### Supplied records

# # # # #

(* Let $X\in\mathcal{M}(N,P)$, let $K$ be a positive integer with $K\le\min(N,P)$, and let $L\in\mathcal{M}(P,K)$ be arbitrary. Then $$\min_{Z\in\mathcal{S}(N,K)}\|X-ZL^T\|_F^2 \;=\; d_*(X^TX,\,LL^T)^2 .$$
   Context: $\mathcal{M}(N,K)$ denotes the set of real $N\times K$ matrices and $\mathcal{S}(N,K)=\{M\in\mathcal{M}(N,K): M^TM=I_K\}$ the set of $N\times K$ matrices with orthonormal columns. $\|A\|_F^2=\sum_{i,k}a_{i,k}^2$ is the squared Frobenius norm. For positive semi-definite matrices $A,B$ of the same size, $\sqrt{A}$ denotes the unique PSD square root, and the Bures–Wasserstein distance is $$d_*(A,B):=\Big(\operatorname{tr}(A)-2\operatorname{tr}\big(\sqrt{\sqrt{A}\,B\,\sqrt{A}}\big)+\operatorname{tr}(B)\Big)^{1/2}.$$ *)

From HB Require Import structures.
From mathcomp Require Import all_boot all_order all_algebra.
From mathcomp Require Import boolp reals.
Set Implicit Arguments. Unset Strict Implicit. Unset Printing Implicit Defensive.
Import Order.TTheory GRing.Theory Num.Theory.
Local Open Scope ring_scope.

Definition frob2 (R : realType) (m n : nat) (A : 'M[R]_(m, n)) : R :=
  \sum_(i < m) \sum_(k < n) (A i k) ^+ 2.

Definition orthonormal_cols (R : realType) (m n : nat) (M : 'M[R]_(m, n)) : Prop :=
  M^T *m M = 1%:M.

Definition psd (R : realType) (n : nat) (A : 'M[R]_n) : Prop :=
  A^T = A /\ forall v : 'cV[R]_n, 0 <= (v^T *m A *m v) 0 0.

(* the (unique) PSD square root of A; chosen by classical choice,
   defaults to 0 if A has no PSD square root (i.e. A not PSD) *)
Definition psd_sqrt (R : realType) (n : nat) (A : 'M[R]_n) : 'M[R]_n :=
  match pselect (exists B : 'M[R]_n, psd B /\ B *m B = A) with
  | left h => projT1 (cid h)
  | right _ => 0
  end.

Definition bw_dist (R : realType) (n : nat) (A B : 'M[R]_n) : R :=
  Num.sqrt (\tr A
            - 2 * \tr (psd_sqrt (psd_sqrt A *m B *m psd_sqrt A))
            + \tr B).

From HB Require Import structures.
From mathcomp Require Import all_boot all_order all_algebra.
From mathcomp Require Import boolp reals.
From mathcomp.real_closed Require Import complex.
From mathcomp Require Import ring lra zify.
Set Implicit Arguments. Unset Strict Implicit. Unset Printing Implicit Defensive.
Import Order.TTheory GRing.Theory Num.Theory.
Local Open Scope ring_scope.

(* For [Z] with orthonormal columns, [|X - Z L^T|_F^2 = tr (X^T X) - 2 tr (Z^T Y) + tr (L L^T)]
   with [Y = X L], so everything hinges on the maximum of [tr (Z^T Y)].  Diagonalising
   [Y^T Y = Q^T diag(d) Q], the columns of [Y Q^T] are orthogonal with squared norms [d_i];
   Cauchy-Schwarz column by column bounds [tr (Z^T Y)] by [sum_i sqrt d_i], and normalising
   the nonzero columns of [Y Q^T], completed to an orthonormal family, attains the bound.
   With [S = sqrt (X^T X)] one has [S L L^T S = (S L) (S L)^T] and [(S L)^T (S L) = Y^T Y],
   so [tr sqrt (S L L^T S)] is the same [sum_i sqrt d_i]. *)

Section RealSpectral.
Variable R : rcfType.

Local Notation Remx := (map_mx (@complex.Re R)).
Local Notation Immx := (map_mx (@complex.Im R)).

Lemma sum_sqr_eq0 (I : finType) (f : I -> R) : \sum_i f i ^+ 2 = 0 -> forall i, f i = 0.
Proof.
move=> /psumr_eq0P f0 i; apply/eqP; rewrite -sqrf_eq0 f0 //.
by move=> j _; exact: sqr_ge0.
Qed.

Lemma sqnorm_rowE m (u : 'rV[R]_m) : (u *m u^T) 0 0 = \sum_k u 0 k ^+ 2.
Proof. by rewrite mxE; apply: eq_bigr => k _; rewrite mxE expr2. Qed.

Lemma sqnorm_row_ge0 m (u : 'rV[R]_m) : 0 <= (u *m u^T) 0 0.
Proof. by rewrite sqnorm_rowE; apply: sumr_ge0 => k _; exact: sqr_ge0. Qed.

Lemma sqnorm_row_eq0 m (u : 'rV[R]_m) : ((u *m u^T) 0 0 == 0) = (u == 0).
Proof.
apply/idP/idP => [/eqP|/eqP->]; last by rewrite mul0mx mxE.
by rewrite sqnorm_rowE => /sum_sqr_eq0 u0; apply/eqP/rowP => k; rewrite u0 mxE.
Qed.

Lemma sqnorm_row_gt0 m (u : 'rV[R]_m) : u != 0 -> 0 < (u *m u^T) 0 0.
Proof. by rewrite lt_def sqnorm_row_eq0 sqnorm_row_ge0 andbT. Qed.

Lemma Remx_mul_real m n p (w : 'M[R[i]]_(m, n)) (A : 'M[R]_(n, p)) :
  Remx (w *m map_mx (real_complex R) A) = Remx w *m A.
Proof.
apply/matrixP => i j; rewrite !mxE raddf_sum; apply: eq_bigr => k _.
by rewrite !mxE; case: (w i k) => a b /=; rewrite mulr0 subr0.
Qed.

Lemma Immx_mul_real m n p (w : 'M[R[i]]_(m, n)) (A : 'M[R]_(n, p)) :
  Immx (w *m map_mx (real_complex R) A) = Immx w *m A.
Proof.
apply/matrixP => i j; rewrite !mxE raddf_sum; apply: eq_bigr => k _.
by rewrite !mxE; case: (w i k) => a b /=; rewrite mulr0 add0r mulrC.
Qed.

Lemma Remx_scale m n (z : R[i]) (w : 'M[R[i]]_(m, n)) :
  Remx (z *: w) = complex.Re z *: Remx w - complex.Im z *: Immx w.
Proof. by apply/matrixP => i j; rewrite !mxE; case: z; case: (w i j). Qed.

# # # # #

### Work required
Look back at the entries above. Retype the line with "(* For [Z] with", the line with "Lemma sqnorm_row_gt0 m", and all lines in between.

### Response below
(* For [Z] with orthonormal columns, [|X - Z L^T|_F^2 = tr (X^T X) - 2 tr (Z^T Y) + tr (L L^T)]
   with [Y = X L], so everything hinges on the maximum of [tr (Z^T Y)].  Diagonalising
   [Y^T Y = Q^T diag(d) Q], the columns of [Y Q^T] are orthogonal with squared norms [d_i];
   Cauchy-Schwarz column by column bounds [tr (Z^T Y)] by [sum_i sqrt d_i], and normalising
   the nonzero columns of [Y Q^T], completed to an orthonormal family, attains the bound.
   With [S = sqrt (X^T X)] one has [S L L^T S = (S L) (S L)^T] and [(S L)^T (S L) = Y^T Y],
   so [tr sqrt (S L L^T S)] is the same [sum_i sqrt d_i]. *)

Section RealSpectral.
Variable R : rcfType.

Local Notation Remx := (map_mx (@complex.Re R)).
Local Notation Immx := (map_mx (@complex.Im R)).

Lemma sum_sqr_eq0 (I : finType) (f : I -> R) : \sum_i f i ^+ 2 = 0 -> forall i, f i = 0.
Proof.
move=> /psumr_eq0P f0 i; apply/eqP; rewrite -sqrf_eq0 f0 //.
by move=> j _; exact: sqr_ge0.
Qed.

Lemma sqnorm_rowE m (u : 'rV[R]_m) : (u *m u^T) 0 0 = \sum_k u 0 k ^+ 2.
Proof. by rewrite mxE; apply: eq_bigr => k _; rewrite mxE expr2. Qed.

Lemma sqnorm_row_ge0 m (u : 'rV[R]_m) : 0 <= (u *m u^T) 0 0.
Proof. by rewrite sqnorm_rowE; apply: sumr_ge0 => k _; exact: sqr_ge0. Qed.

Lemma sqnorm_row_eq0 m (u : 'rV[R]_m) : ((u *m u^T) 0 0 == 0) = (u == 0).
Proof.
apply/idP/idP => [/eqP|/eqP->]; last by rewrite mul0mx mxE.
by rewrite sqnorm_rowE => /sum_sqr_eq0 u0; apply/eqP/rowP => k; rewrite u0 mxE.
Qed.

Lemma sqnorm_row_gt0 m (u : 'rV[R]_m) : u != 0 -> 0 < (u *m u^T) 0 0.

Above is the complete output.